▸ ASSIGNED TASK
Within the material below, transcribe exactly the lines from the one holding "suff : INR (q" through the one holding "(INR 1) with 1.", keeping both ends and skipping the rest.

▸ EXERCISE INPUTS
-.-.-

Lemma approx_error_decomp (p d : Z) :
  exists U V : Z, p = (U * m + V * n)%Z /\
    Rabs (IZR p * alpha - IZR d) = Rabs (IZR V * b - IZR U * c).
Proof.
set D := (n * pm - m * pn)%Z.
have DD : (D * D = 1)%Z := convergent_det_unit.
exists (D * (n * d - p * pn))%Z, (D * (pm * p - m * d))%Z.
set U := (D * _)%Z; set V := (D * _)%Z.
have p_eq : p = (U * m + V * n)%Z.
  by transitivity (p * (D * D))%Z; [rewrite DD; ring | rewrite /U /V /D; ring].
have d_eq : d = (U * pm + V * pn)%Z.
  by transitivity (d * (D * D))%Z; [rewrite DD; ring | rewrite /U /V /D; ring].
clearbody U V; split=> //; rewrite p_eq d_eq !plus_IZR !mult_IZR.
transitivity (Rabs (IZR U * (IZR m * alpha - IZR pm) + IZR V * (IZR n * alpha - IZR pn))).
  by f_equal; ring.
rewrite m_error n_error.
have -> : IZR U * (- s * c) + IZR V * (s * b) = s * (IZR V * b - IZR U * c) by ring.
by rewrite Rabs_mult s_unit Rmult_1_l.
Qed.

Lemma approx_error_lower_bound (N p d : Z) :
  (n + m <= N)%Z -> (1 <= p < n)%Z ->
  IZR p <= Rabs (IZR p * alpha - IZR d) * (IZR N * IZR n - 2 * IZR p).
Proof.
move=> hN hp.
have [U [V [p_eq ->]]] := approx_error_decomp p d.
have hpR : IZR p = IZR U * IZR m + IZR V * IZR n by rewrite p_eq plus_IZR !mult_IZR.
have Hnp : IZR p + 1 <= IZR n by rewrite -plus_IZR; apply: IZR_le; lia.
have Hm1 : 1 <= IZR m by apply: IZR_le.
have Hmn : IZR m + 1 <= IZR n by rewrite -plus_IZR; apply: IZR_le; lia.
have HN : IZR n + IZR m <= IZR N by rewrite -plus_IZR; apply: IZR_le.
have Hp1 : 1 <= IZR p by apply: IZR_le; lia.
set X := IZR N * IZR n - 2 * IZR p.
case: (lattice_coeff_signs (conj m_ge1 m_lt_n) (ltac:(lia) : (0 < p < n)%Z) p_eq)
  => [[hU hV]|[hU hV]].
- have {}hU : 1 <= IZR U by apply: IZR_le.
  have {}hV : IZR V <= 0 by apply: IZR_le.
  rewrite Rabs_left; last nra.
  (* [c (n + m) > n c + m b = 1], and [X >= m (n + m)] *)
  have c_nm : 1 < c * (IZR n + IZR m) by nra.
  have hX : IZR m * (IZR n + IZR m) <= X by rewrite /X; nra.
  have m_le : IZR m <= c * X by nra.
  have X_gt0 : 0 < X by nra.
  have p_le : IZR p <= IZR U * (c * X) by rewrite hpR; nra.
  have : 0 <= (- IZR V * b) * X by apply: Rmult_le_pos; nra.
  lra.
- have {}hU : IZR U <= -1 by apply: IZR_le.
  have {}hV : 1 <= IZR V by apply: IZR_le.
  (* here [n (V b - U c) = - U + b p >= 1] and [X >= n p] *)
  have n_err : IZR n * (IZR V * b - IZR U * c) = - IZR U + b * IZR p.
    by rewrite hpR; have := n_c_m_b; nra.
  have hX : IZR n * IZR p <= X by rewrite /X; nra.
  have nE_ge1 : 1 <= IZR n * (IZR V * b - IZR U * c) by rewrite n_err; nra.
  have X_gt0 : 0 < X by nra.
  have X_le : X <= IZR n * (IZR V * b - IZR U * c) * X.
    have : 0 <= (IZR n * (IZR V * b - IZR U * c) - 1) * X by apply: Rmult_le_pos; lra.
    lra.
  rewrite Rabs_right; last nra.
  apply: (Rmult_le_reg_l (IZR n)); lra.
Qed.

End BestApproximation.

Lemma irrational_neq0 x : irrational x -> x <> 0.
Proof. by move=> irr_x x0; apply: (irr_x 0%Z 1%Z) => //; rewrite x0 /Rdiv Rmult_0_l. Qed.

Lemma irrational_frac_part_inv x : irrational x -> irrational (frac_part (/ x)).
Proof.
move=> irr_x a b b0 e.
have x0 := irrational_neq0 irr_x.
set z := Int_part (/ x).
have inv_x : / x = IZR (z * b + a) / IZR b.
  have a_eq : IZR a = (/ x - IZR z) * IZR b.
    by rewrite -[_ - _]/(frac_part _) e; field; exact: not_0_IZR.
  by rewrite plus_IZR mult_IZR a_eq; field; split=> //; exact: not_0_IZR.
have zba0 : (z * b + a)%Z <> 0%Z.
  by move=> h; rewrite h /Rdiv Rmult_0_l in inv_x; apply: (Rinv_neq_0_compat x).
apply: (irr_x b (z * b + a)%Z zba0).
rewrite -(Rinv_inv x) inv_x; field; split; exact: not_0_IZR.
Qed.

(* cf_ppair alpha k = (p_(k-1), p_k), the numerators of the convergents. *)
Fixpoint cf_ppair (alpha : R) (k : nat) : nat * nat :=
  match k with
  | 0 => (1, 0)%N
  | k'.+1 => let p := cf_ppair alpha k' in (p.2, cf_a alpha k * p.2 + p.1)%N
  end.

Definition cf_p (alpha : R) (k : nat) : nat := (cf_ppair alpha k).2.

Fixpoint cf_beta (alpha : R) (k : nat) : R :=
  match k with 0 => 1 | k'.+1 => cf_beta alpha k' * cf_rem alpha k' end.

Section ContinuedFraction.

Variable alpha : R.
Hypothesis alpha_gt0 : 0 < alpha.
Hypothesis alpha_lt_half : alpha < 1 / 2.
Hypothesis alpha_irr : irrational alpha.

Local Notation x := (cf_rem alpha).
Local Notation a := (cf_a alpha).
Local Notation q := (cf_q alpha).
Local Notation p := (cf_p alpha).
Local Notation beta := (cf_beta alpha).

Lemma cf_qSS k : q k.+2 = (a k.+2 * q k.+1 + q k)%N.
Proof. by []. Qed.

Lemma cf_pSS k : p k.+2 = (a k.+2 * p k.+1 + p k)%N.
Proof. by []. Qed.

Lemma cf_q0 : q 0 = 1%N.
Proof. by []. Qed.

Lemma cf_q1 : q 1 = a 1.
Proof. by rewrite /cf_q /= muln1 addn0. Qed.

Lemma cf_p0 : p 0 = 0%N.
Proof. by []. Qed.

Lemma cf_p1 : p 1 = 1%N.
Proof. by rewrite /cf_p /= muln0. Qed.

Lemma cf_rem_irrational n : irrational (x n).
Proof. by elim: n => [|n IH] //=; apply: irrational_frac_part_inv. Qed.

Lemma cf_rem_gt0 n : 0 < x n.
Proof.
case: n => [//|n] /=.
have [fp_ge0 _] := base_fp (/ x n).
have := irrational_neq0 (@cf_rem_irrational n.+1); rewrite /=; lra.
Qed.

Lemma cf_rem_lt1 n : x n < 1.
Proof. by case: n => [|n] /=; [lra | case: (base_fp (/ x n))]. Qed.

Lemma cf_a_INR n : INR (a n.+1) = / x n - x n.+1.
Proof.
have x_gt0 := cf_rem_gt0 n.
rewrite /= /frac_part INR_IZR_INZ Z2Nat.id; first lra.
have [_ fl_gt] := base_Int_part (/ x n).
have : IZR (-1) < IZR (Int_part (/ x n)).
  have := Rinv_0_lt_compat _ x_gt0; rewrite /=; lra.
by move/lt_IZR; lia.
Qed.

Lemma cf_a_gt0 n : (0 < a n.+1)%N.
Proof.
have inv_gt1 : 1 < / x n.
  by rewrite -Rinv_1; apply: Rinv_lt_contravar; have := cf_rem_gt0 n; have := cf_rem_lt1 n; nra.
have : INR 0 < INR (a n.+1).
  by rewrite cf_a_INR; change (INR 0) with 0; have := cf_rem_lt1 n.+1; lra.
by move/INR_lt/ltP.
Qed.

Lemma cf_a1_ge2 : (2 <= a 1)%N.
Proof.
have inv_gt2 : 2 < / alpha.
  by rewrite -[2]Rinv_inv; apply: Rinv_lt_contravar; lra.
have : INR 1 < INR (a 1).
  by rewrite cf_a_INR; change (INR 1) with 1; change (x 0) with alpha; have := cf_rem_lt1 1; lra.
by move/INR_lt/ltP.
Qed.

Lemma cf_q_gt0 k : (0 < q k)%N.
Proof.
elim/ltn_ind: k => -[|[|k]] IH //; first by rewrite cf_q1; have := cf_a1_ge2; lia.
by rewrite cf_qSS; have := IH k (leqnSn _); lia.
Qed.

Lemma cf_q_addSS k : (q k.+1 + q k <= q k.+2)%N.
Proof. by rewrite cf_qSS; have := cf_a_gt0 k.+1; nia. Qed.

Lemma cf_q_ltS k : (q k < q k.+1)%N.
Proof.
case: k => [|k]; first by rewrite cf_q0 cf_q1; have := cf_a1_ge2; lia.
by have := cf_q_addSS k; have := cf_q_gt0 k; lia.
Qed.

Lemma cf_q_ge3 k : (3 <= q k.+2)%N.
Proof. by have := cf_q_addSS k; have := cf_q_gt0 k; have := cf_q_ltS k; lia. Qed.

Lemma cf_betaS k : beta k.+1 = beta k * x k.
Proof. by []. Qed.

Lemma cf_beta_gt0 k : 0 < beta k.
Proof. by elim: k => [|k IH]; [apply: Rlt_0_1 | rewrite cf_betaS; have := cf_rem_gt0 k; nra]. Qed.

Lemma cf_beta_ltS k : beta k.+1 < beta k.
Proof. by rewrite cf_betaS; have := cf_beta_gt0 k; have := cf_rem_lt1 k; nra. Qed.

Lemma cf_betaSS_ratio k : beta k.+2 * (INR (a k.+2) + x k.+2) = beta k.+1.
Proof. by rewrite cf_a_INR cf_betaS; field; have := cf_rem_gt0 k.+1; lra. Qed.

Lemma cf_error k : INR (q k) * alpha - INR (p k) = (-1) ^ k * beta k.+1.
Proof.
suff : INR (q k) * alpha - INR (p k) = (-1) ^ k * beta k.+1 /\
       INR (q k.+1) * alpha - INR (p k.+1) = (-1) ^ k.+1 * beta k.+2 by case.
elim: k => [|k [IH IHS]].
  rewrite cf_q0 cf_q1 cf_p0 cf_p1 !cf_betaS cf_a_INR.
  change (x 0) with alpha; change (beta 0) with 1; change (INR 1) with 1; change (INR 0) with 0.
  by split; [|field]; lra.
split=> //; rewrite cf_qSS cf_pSS !INR_addn !INR_muln.
transitivity (INR (a k.+2) * (INR (q k.+1) * alpha - INR (p k.+1)) +
              (INR (q k) * alpha - INR (p k))); first ring.
by rewrite IHS IH -(cf_betaSS_ratio k) (cf_betaS k.+2) /=; ring.
Qed.

Lemma cf_q_beta k : INR (q k.+1) * beta k.+1 + INR (q k) * beta k.+2 = 1.
Proof.
elim: k => [|k IH].
  rewrite cf_q0 cf_q1 !cf_betaS cf_a_INR.
  change (x 0) with alpha; change (beta 0) with 1; change (INR 1) with 1.
  by field; lra.
by rewrite cf_qSS INR_addn INR_muln -[RHS]IH -(cf_betaSS_ratio k) (cf_betaS k.+2); ring.
Qed.

Lemma cf_best_approx k (n d : nat) : (0 < n < q k.+1)%N ->
  INR n <= Rabs (INR n * alpha - INR d) * (INR (q k.+2) * INR (q k.+1) - 2 * INR n).
Proof.
move=> /andP [n_gt0 n_lt]; rewrite !INR_IZR_INZ.
apply: (@approx_error_lower_bound _ (beta k.+2) (beta k.+1) ((-1) ^ k.+1) _ (Z.of_nat (q k))
          (Z.of_nat (p k.+1)) (Z.of_nat (p k))); rewrite -?INR_IZR_INZ.
- exact: pow_1_abs.
- exact: cf_error.
- by rewrite cf_error /=; ring.
- exact: cf_q_beta.
- exact: cf_beta_gt0.
- exact: cf_beta_ltS.
- by have := cf_q_gt0 k; lia.
- by have := cf_q_ltS k; lia.
- by have := cf_q_addSS k; lia.
- lia.
Qed.

Lemma cf_approx_lt1 k : INR (q k.+1) * Rabs (INR (q k) * alpha - INR (p k)) < 1.
Proof.
rewrite cf_error Rabs_mult pow_1_abs Rmult_1_l Rabs_pos_eq; last exact/Rlt_le/cf_beta_gt0.
have := cf_q_beta k; have := cf_beta_gt0 k.+2; have := pos_INR (q k).
have : 0 < INR (q k) by apply: lt_0_INR; apply/ltP; exact: cf_q_gt0.
nra.
Qed.

End ContinuedFraction.

Definition mech_floor (rho alpha : R) (i : nat) : Z := Int_part (rho + INR i * alpha).

Definition sturm_factor (rho alpha : R) (i l : nat) : seq bool :=
  [seq sturmian true rho alpha j | j <- iota i l].

Lemma factor_of_slope_sturm_factor rho alpha i l :
  0 <= rho < 1 -> factor_of_slope alpha (sturm_factor rho alpha i l).
Proof.
move=> [rho_ge0 rho_lt1]; exists true, rho, i; do 2!split=> //.
by rewrite size_map size_iota /mkseq /sturm_factor -[in iota i l](addn0 i) iotaDl -map_comp.
Qed.

Lemma size_sturm_factor rho alpha i l : size (sturm_factor rho alpha i l) = l.
Proof. by rewrite size_map size_iota. Qed.

Lemma sturm_factor_cat rho alpha i l1 l2 :
  sturm_factor rho alpha i (l1 + l2) =
  sturm_factor rho alpha i l1 ++ sturm_factor rho alpha (i + l1) l2.
Proof. by rewrite /sturm_factor iotaD map_cat. Qed.

Lemma take_drop_sturm_factor rho alpha i l t l' : (t + l' <= l)%N ->
  take l' (drop t (sturm_factor rho alpha i l)) = sturm_factor rho alpha (i + t) l'.
Proof.
move=> le_l; rewrite /sturm_factor -map_drop -map_take drop_iota take_iota.
by rewrite (minn_idPl _) //; lia.
Qed.

Section Mechanical.

Variables rho alpha : R.
Hypothesis alpha_ge0 : 0 <= alpha.
Hypothesis alpha_lt1 : alpha < 1.

Local Notation F := (mech_floor rho alpha).
Local Notation W := (sturm_factor rho alpha).

Lemma sturmian_true_floor i : Z.of_nat (sturmian true rho alpha i) = (F i.+1 - F i)%Z.
Proof.
rewrite /sturmian /mech_floor S_INR.
set y := rho + INR i * alpha.
have -> : rho + (INR i + 1) * alpha = y + alpha by rewrite /y; ring.
have [ly uy] := base_Int_part y.
rewrite /frac_part; case: Rlt_dec => h /=.
  by rewrite -(@Int_part_spec (y + alpha) (Int_part y)); [lia | lra].
rewrite -(@Int_part_spec (y + alpha) (Int_part y + 1)); first lia.
by rewrite plus_IZR; lra.
Qed.

Lemma count_sturm_factor i l : Z.of_nat (count id (W i l)) = (F (i + l) - F i)%Z.
Proof.
elim: l i => [|l IH] i; first by rewrite addn0 /=; lia.
rewrite /sturm_factor /= -/(W i.+1 l) Nat2Z.inj_add IH sturmian_true_floor addSnnS; lia.
Qed.

Lemma abelian_period_sturm_factor i L p : abelian_period (W i L) p ->
  exists d : nat, Rabs (INR p * alpha - INR d) * (INR (L + 2) - 2 * INR p) < INR p.
Proof.
move=> /[dup] /abelian_period_gt0 p_gt0 /abelian_period_window [t [M [d [fits [covers cnt]]]]].
rewrite size_sturm_factor in fits covers; rewrite take_drop_sturm_factor // in cnt.
exists d; set g := Rabs _.
have Mg_lt1 : INR M * g < 1.
  have := Int_part_addr_dist (rho + INR (i + t) * alpha) (INR M * INR p * alpha).
  have -> : rho + INR (i + t) * alpha + INR M * INR p * alpha =
            rho + INR (i + t + M * p) * alpha by rewrite !INR_addn INR_muln; ring.
  rewrite -[Int_part (rho + INR (i + t + _) * _)]/(F _) -[Int_part _]/(F _).
  rewrite -count_sturm_factor cnt -INR_IZR_INZ INR_muln.
  have -> : INR M * INR p * alpha - INR M * INR d = INR M * (INR p * alpha - INR d) by ring.
  by rewrite Rabs_mult Rabs_pos_eq //; apply: pos_INR.
have L_le : INR (L + 2) - 2 * INR p <= INR M * INR p.
  have : (L.+2 <= M * p + p + p)%N by lia.
  by move/INR_leq; rewrite addn2 !S_INR !INR_addn INR_muln; lra.
have g_ge0 : 0 <= g := Rabs_pos _.
have p_ge1 : 1 <= INR p by apply: (INR_leq p_gt0).
have : g * (INR (L + 2) - 2 * INR p) <= g * (INR M * INR p) by apply: Rmult_le_compat_l.
nra.
Qed.

Lemma mech_floor_step i : (F i <= F i.+1 <= F i + 1)%Z.
Proof. by have := sturmian_true_floor i; case: sturmian => /=; lia. Qed.

Lemma flatten_sturm_factor_blocks n k M :
  flatten [seq W (j * n) n | j <- iota k M] = W (k * n) (M * n).
Proof.
elim: M k => [|M IH] k //=.
by rewrite IH [in RHS]mulSn sturm_factor_cat -mulSnr.
Qed.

-.-.-

▸ RESPONSE TO THE EXERCISE
suff : INR (q k) * alpha - INR (p k) = (-1) ^ k * beta k.+1 /\
       INR (q k.+1) * alpha - INR (p k.+1) = (-1) ^ k.+1 * beta k.+2 by case.
elim: k => [|k [IH IHS]].
  rewrite cf_q0 cf_q1 cf_p0 cf_p1 !cf_betaS cf_a_INR.
  change (x 0) with alpha; change (beta 0) with 1; change (INR 1) with 1; change (INR 0) with 0.
  by split; [|field]; lra.
split=> //; rewrite cf_qSS cf_pSS !INR_addn !INR_muln.
transitivity (INR (a k.+2) * (INR (q k.+1) * alpha - INR (p k.+1)) +
              (INR (q k) * alpha - INR (p k))); first ring.
by rewrite IHS IH -(cf_betaSS_ratio k) (cf_betaS k.+2) /=; ring.
Qed.

Lemma cf_q_beta k : INR (q k.+1) * beta k.+1 + INR (q k) * beta k.+2 = 1.
Proof.
elim: k => [|k IH].
  rewrite cf_q0 cf_q1 !cf_betaS cf_a_INR.
  change (x 0) with alpha; change (beta 0) with 1; change (INR 1) with 1.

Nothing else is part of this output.